Archive for the 'Pittsburgh' Category

Rachel’s Sustainable Feast Sunday, May 25

Friday, May 23rd, 2008

I don’t know any more about this event than what is contained in the press release, so I’m just going to reproduce the press release verbatim. I suppose that’s what usually happens with newspapers, too—they just don’t reveal that’s what they’re doing.

SAVE THE DATE for Rachel’s Sustainable Feast, May 25 from noon to 5:00 p.m. outside Rachel’s house in Springdale. The best of Pittsburgh’s chefs committed to buying locally, more local farmers’ markets, and as many of the region’s great environment, conservation and fair-trade organizations and vendors as we can squeeze into the block party.
This year we’re challenging people to travel to the event in as sustainable a method as possible - walk, bike, paddle, bus, carpool, use alternative fuel. $5 General Admission (kids under 6 FREE) For more details, follow this link.
This event is part of the Pittsburgh Great Outdoors Week www.greatoutdoorsweek.org

Raw Milk Farmer Bucks Regulatory Attempts

Thursday, May 8th, 2008

As reported by the Pittsburgh Post-Gazette on May 5,

On a quiet, 100-acre farm in Cumberland County, Mennonite farmer Mark Nolt, his wife and his 10 children have for three years operated a dairy whose best-selling product is one the Pennsylvania Department of Agriculture considers contraband: raw milk.

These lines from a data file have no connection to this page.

(* For every $n\in\mathbb{N}$ let $M_n\in\mathcal{M}_n$ be fixed and let $H_n$ be a uniformly random element of $\mathcal{M}_n$. Then for every $\eta>0$, $\lim_{n\to\infty}\mathbb{P}\big(|d_M(M_n,H_n)-\mathbb{E}(d_M(M_n,H_n))|>\eta\big)=0$.
   Context: $\mathcal{M}_n$ is the set of $n\times n$ real matrices with all entries in $\{n^{-1/2},-n^{-1/2}\}$. A matrix $A$ is regarded as an operator $v\mapsto vA$ on functions on $[n]$ with the uniform probability measure. $\mathcal{S}_k(A)$ is the set of joint distributions on $\mathbb{R}^{2k}$ of $(v_1,\dots,v_k,v_1A,\dots,v_kA)$ over $v_i:[n]\to[-1,1]$; $d_M(A,B)=\sum_k2^{-k}d_H(\mathcal{S}_k(A),\mathcal{S}_k(B))$ with $d_H$ the Hausdorff distance induced by the Lévy–Prokhorov metric. *)

From HB Require Import structures.
From mathcomp Require Import all_boot all_order all_algebra.
From mathcomp Require Import all_classical all_reals all_analysis.
Set Implicit Arguments. Unset Strict Implicit. Unset Printing Implicit Defensive.
Import Order.TTheory GRing.Theory Num.Theory.
Import numFieldNormedType.Exports.
Local Open Scope classical_set_scope.
Local Open Scope ring_scope.

Section Defs.
Variable R : realType.

Definition eucl (m : nat) (x y : 'rV[R]_m) : R :=
  Num.sqrt (\sum_(i < m) (x 0 i - y 0 i) ^+ 2).

Definition nbhd_set (m : nat) (U : set 'rV[R]_m) (e : R) : set 'rV[R]_m :=
  [set x | exists2 y, U y & eucl x y < e].

(* Law of a random point x(j), j uniform on [n]: a set function
   (the law of a finitely supported probability measure; it is defined
   on every subset of R^m). *)
Definition empirical (n m : nat) (x : 'I_n -> 'rV[R]_m) : set 'rV[R]_m -> R :=
  fun U => #|[pred j | `[< U (x j) >] ]|%:R / n%:R.

Definition dLP (m : nat) (mu nu : set 'rV[R]_m -> R) : R :=
  inf [set e : R | 0 < e /\
        forall U : set 'rV[R]_m,
          mu U <= nu (nbhd_set U e) + e /\ nu U <= mu (nbhd_set U e) + e].

Definition dH (m : nat) (S T : set (set 'rV[R]_m -> R)) : R :=
  Num.max (sup [set inf [set dLP mu nu | nu in T] | mu in S])
          (sup [set inf [set dLP mu nu | mu in S] | nu in T]).

(* Rows of V are v_1..v_k : [n] -> [-1,1];
   the rows of V *m A are v_1 A, ..., v_k A, where (vA)(j) = sum_i v(i) A(i,j).
   The point attached to j in [n] is (v_1(j),..,v_k(j),(v_1A)(j),..,(v_kA)(j)). *)
Definition profile_pt (n k : nat) (A : 'M[R]_n) (V : 'M[R]_(k, n)) (j : 'I_n)
  : 'rV[R]_(k + k) := row_mx (col j V)^T (col j (V *m A))^T.

Definition Sk (n : nat) (A : 'M[R]_n) (k : nat) : set (set 'rV[R]_(k + k) -> R) :=
  [set empirical (profile_pt A V) |
     V in [set V : 'M[R]_(k, n) | forall i j, -1 <= V i j <= 1]].
(* Let $Q\succeq0$, $q\in\mathbb{R}^n$, $A\succ0$, $v\in\mathbb{R}^n$, and let $m>0$ satisfy Requirement 1 (see context). For $k\in\mathbb{N}$ let $x_k^\star$ be the unique minimizer of $J_k$ over $\mathbb{R}^n$. Then: (1) $x_k^\star\in\mathcal{C}$ for every $k\in\mathbb{N}$; (2) $x_k^\star\to x^\star$ as $k\to\infty$, where $x^\star=\arg\min_{x\in\mathcal{X}^\star}g(x)$ is the (unique) minimizer of $g$ over the solution set $\mathcal{X}^\star$ of the constrained problem; in particular $x^\star\in\mathcal{X}^\star$.
   Context: $Q\in\mathbb{R}^{n\times n}$ symmetric positive semidefinite, $A\in\mathbb{R}^{n\times n}$ symmetric positive definite. $f(x)=\tfrac12 x^\top Qx+q^\top x$, $g(x)=(x-v)^\top A(x-v)$, $\mathcal{C}=\{x: g(x)\le1\}$, $\partial\mathcal{C}=\{x:g(x)=1\}$. The constrained problem is $\min_{x\in\mathcal{C}} f(x)$ with (nonempty, compact, convex) solution set $\mathcal{X}^\star=\arg\min_{x\in\mathcal{C}}f(x)$. For $k\in\mathbb{N}=\{1,2,\dots\}$: $p_k(x)=\frac{m}{k}g(x)^k$, $J_k(x)=f(x)+p_k(x)$. Requirement 1: $m\ge m_{\min}:=\max(\hat m_{\min},0)$, where $\hat m_{\min}=\max_{x:\,g(x)=1}\; -\frac{\langle\nabla g(x),\nabla f(x)\rangle}{\langle\nabla g(x),\nabla g(x)\rangle}$; equivalently $m\ge0$ and $\langle \nabla g(x),\nabla f(x)+m\nabla g(x)\rangle\ge0$ for all $x$ with $g(x)=1$. *)

From HB Require Import structures.
From mathcomp Require Import all_boot all_order all_algebra.
From mathcomp Require Import all_classical all_reals all_analysis.
Set Implicit Arguments. Unset Strict Implicit. Unset Printing Implicit Defensive.
Import Order.TTheory GRing.Theory Num.Theory.
Import numFieldNormedType.Exports.
Local Open Scope ring_scope.

Section Defs.
Variables (R : realType) (n : nat).

Definition dotv (u w : 'cV[R]_n) : R := (u^T *m w) 0 0.

Definition qform (M : 'M[R]_n) (x : 'cV[R]_n) : R := (x^T *m M *m x) 0 0.

Definition psd (M : 'M[R]_n) : Prop := M^T = M /\ forall x, 0 <= qform M x.
Definition pd (M : 'M[R]_n) : Prop := M^T = M /\ forall x, x != 0 -> 0 < qform M x.

Definition fobj (Q : 'M[R]_n) (q : 'cV[R]_n) (x : 'cV[R]_n) : R :=
  2^-1 * qform Q x + dotv q x.
Definition gcon (A : 'M[R]_n) (v : 'cV[R]_n) (x : 'cV[R]_n) : R :=
  qform A (x - v).

(* gradients: grad f(x) = Q x + q (Q symmetric), grad g(x) = 2 A (x - v) (A symmetric) *)
Definition grad_f (Q : 'M[R]_n) (q : 'cV[R]_n) (x : 'cV[R]_n) : 'cV[R]_n := Q *m x + q.
Definition grad_g (A : 'M[R]_n) (v : 'cV[R]_n) (x : 'cV[R]_n) : 'cV[R]_n :=
  2%:R *: (A *m (x - v)).

Definition pen (A : 'M[R]_n) (v : 'cV[R]_n) (m : R) (k : nat) (x : 'cV[R]_n) : R :=
  m / k%:R * gcon A v x ^+ k.
Definition Jk Q q A v m k (x : 'cV[R]_n) : R := fobj Q q x + pen A v m k x.

(* Requirement 1 (equivalent form given in the context) *)
Definition requirement1 Q q A v (m : R) : Prop :=
  0 <= m /\ forall x, gcon A v x = 1 ->
    0 <= dotv (grad_g A v x) (grad_f Q q x + m *: grad_g A v x).

Definition solset Q q A v (x : 'cV[R]_n) : Prop :=
  gcon A v x <= 1 /\ forall y, gcon A v y <= 1 -> fobj Q q x <= fobj Q q y.

Definition gmin_on_solset Q q A v (x : 'cV[R]_n) : Prop :=
  solset Q q A v x /\ forall y, solset Q q A v y -> gcon A v x <= gcon A v y.

End Defs.

From HB Require Import structures.
From mathcomp Require Import all_boot all_order all_algebra.
From mathcomp Require Import all_classical all_reals all_analysis.
From mathcomp.algebra_tactics Require Import ring lra.
Set Implicit Arguments.
Unset Strict Implicit.
Unset Printing Implicit Defensive.
Import Order.TTheory GRing.Theory Num.Theory.
Import numFieldNormedType.Exports.
Local Open Scope classical_set_scope.
Local Open Scope ring_scope.

(* The penalized objective J_k is strictly convex, so a stationary point of
   J_k is its strict global minimizer. Let y minimize J_k over the compact
   feasible set C. First-order optimality gives <grad J_k(y), u> >= 0 for every
   direction u along which small steps stay feasible; if y lies on the boundary,
   Requirement 1 says that grad J_k(y) = grad f(y) + m grad g(y) does not point
   into C, and together these force grad J_k(y) = 0. Hence the global minimizer
   x_k equals y and is feasible. Comparing J_k(x_k) <= J_k(x_star) with
   f(x_star) <= f(x_k) gives g(x_k) <= g(x_star) and f(x_k) <= f(x_star) + m/k.
   As x_star is the unique minimizer of g on the solution set, f stays above
   f(x_star) + delta on the compact set of points with g <= g(x_star) at
   distance >= e from x_star, so x_k -> x_star. *)

Section RealInequalities.
Context {R : realFieldType}.
Implicit Types a b h C t : R.

Lemma subrXX_mul_ge0 a b j : 0 <= a -> 0 <= b -> 0 <= (a - b) * (a ^+ j - b ^+ j).
Proof.
move=> a0 b0; have [ab|/ltW ba] := leP a b.
  by rewrite mulr_le0 // subr_le0 // lerXn2r.
by rewrite mulr_ge0 // subr_ge0 // lerXn2r.
Qed.

Lemma exprn_tangent_le a b k : 0 <= a -> 0 <= b ->
  k%:R * b ^+ k.-1 * (a - b) <= a ^+ k - b ^+ k.
Proof.
move=> a0 b0; rewrite subrXX -subr_ge0 [k%:R * _ * _]mulrC -mulrBr.
have -> : \sum_(i < k) a ^+ (k.-1 - i) * b ^+ i - k%:R * b ^+ k.-1 =
          \sum_(i < k) b ^+ i * (a ^+ (k.-1 - i) - b ^+ (k.-1 - i)).
  have -> : k%:R * b ^+ k.-1 = \sum_(i < k) b ^+ k.-1.
    by rewrite sumr_const card_ord mulr_natl.
  rewrite -sumrB; apply: eq_bigr => i _.
  have ik : (i <= k.-1)%N by case: k i => [[]//|k] [i /=]; rewrite ltnS.
  by rewrite mulrBr -exprD subnKC // mulrC.
rewrite mulr_sumr sumr_ge0 // => i _.
by rewrite mulrCA mulr_ge0 ?exprn_ge0 ?subrXX_mul_ge0.
Qed.

Lemma subrXX_mul_le a b j : 0 <= a <= 1 -> 0 <= b <= 1 ->
  (a ^+ j - b ^+ j) * (a - b) <= j%:R * (a - b) ^+ 2.
Proof.
move=> /andP[a0 a1] /andP[b0 b1].
rewrite subrXX mulrAC -expr2 mulrC ler_wpM2r ?sqr_ge0 //.
have -> : j%:R = \sum_(i < j) (1 : R) by rewrite sumr_const card_ord.
apply: ler_sum => i _.
by rewrite mulr_ile1 ?exprn_ge0 ?exprn_ile1.
Qed.

Lemma exprn_second_order_le a b k : 0 <= a <= 1 -> 0 <= b <= 1 ->
  a ^+ k - b ^+ k <= k%:R * b ^+ k.-1 * (a - b) + k%:R ^+ 2 * (a - b) ^+ 2.
Proof.
move=> ha hb; have /andP[a0 _] := ha; have /andP[b0 _] := hb.
have tangent_at_a := exprn_tangent_le k b0 a0.
have curvature := subrXX_mul_le k.-1 ha hb.
have k_ge0 : 0 <= k%:R :> R by [].
have km1_le : k%:R * (k.-1%:R * (a - b) ^+ 2) <= k%:R ^+ 2 * (a - b) ^+ 2.
  by rewrite mulrA ler_wpM2r ?sqr_ge0 // expr2 ler_wpM2l // ler_nat leq_pred.
have := ler_wpM2l k_ge0 curvature; lra.
Qed.

Lemma penalty_step_le (m b beta gamma t : R) k : (0 < k)%N -> 0 <= m -> 0 <= gamma ->
  0 < t <= 1 -> 0 <= b <= 1 -> 0 <= b + t * beta + t ^+ 2 * gamma <= 1 ->
  m / k%:R * ((b + t * beta + t ^+ 2 * gamma) ^+ k - b ^+ k) <=
  t * (m * b ^+ k.-1 * beta) + t ^+ 2 * (m * (gamma + k%:R * (`|beta| + gamma) ^+ 2)).
Proof.
move=> k0 m0 gamma0 /andP[t0 t1] hb ha.
set a := b + t * beta + t ^+ 2 * gamma.
have k_gt0 : 0 < k%:R :> R by rewrite ltr0n.
have step : a - b = t * (beta + t * gamma) by rewrite /a; ring.
have pow_le1 : b ^+ k.-1 <= 1 by case/andP: hb => b0 b1; rewrite exprn_ile1.
have sq_le : (beta + t * gamma) ^+ 2 <= (`|beta| + gamma) ^+ 2.
  have t_gamma : 0 <= t * gamma <= gamma by rewrite mulr_ge0 ?ler_piMl // ltW.
  have := ler_norm beta; have := ler_norm (- beta); rewrite normrN.
  have := normr_ge0 beta; nra.
have second := ler_wpM2l (divr_ge0 m0 (ltW k_gt0)) (exprn_second_order_le k ha hb).
have simplify : m / k%:R * (k%:R * b ^+ k.-1 * (a - b) + k%:R ^+ 2 * (a - b) ^+ 2) =
    m * b ^+ k.-1 * (a - b) + m * k%:R * (a - b) ^+ 2.
  by field; rewrite lt0r_neq0.
rewrite simplify step exprMn in second.
have curv := ler_wpM2l (mulr_ge0 m0 (ltW k_gt0)) (ler_wpM2l (sqr_ge0 t) sq_le).
have lin : m * b ^+ k.-1 * (t ^+ 2 * gamma) <= m * (t ^+ 2 * gamma).
  by rewrite -mulrA ler_wpM2l // ler_piMl // mulr_ge0 ?sqr_ge0.
lra.
Qed.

Pennsylvania requires its raw milk producers to obtain a permit, but Mr. Nolt stopped applying for the permit in 2005 and has continued to sell raw milk and dairy products in the face of multiple citations, a court injunction and two raids that resulted in $50,000 of product and equipment being seized from his farm in Newville.

Raw milk has been a hot button topic in Southwestern Pennsylvania for at least a couple of years, and the advocates for access to raw milk are extremely vocal about their perceived right to get unpasteurized milk. They have also been somewhat militant in their insistence that it is the best choice for everyone.

I am willing to concede that there are enzymatic changes in milk as a result of pasteurization. I am not, however, willing to accept every piece of information distributed by the Weston A. Price Foundation (the main proponent of raw milk rights) as God’s honest truth.

In promoting the health benefits of raw milk and the consumption of high fat diets, they rely on photographic evidence reminiscent of eugenics and, whilst complaining that pasteurization advocates rely on studies from the 1930s, distribute pamphlets boasting that “Galen, Hippocrates, Pliny, Varro, Marcellus Empiris, Bacchis, and Antithimus, leading physicians of their day, all used raw milk in treatment of disease.” Well, we’ve had some remarkable discoveries since their day: including the fact that the earth revolves around the sun.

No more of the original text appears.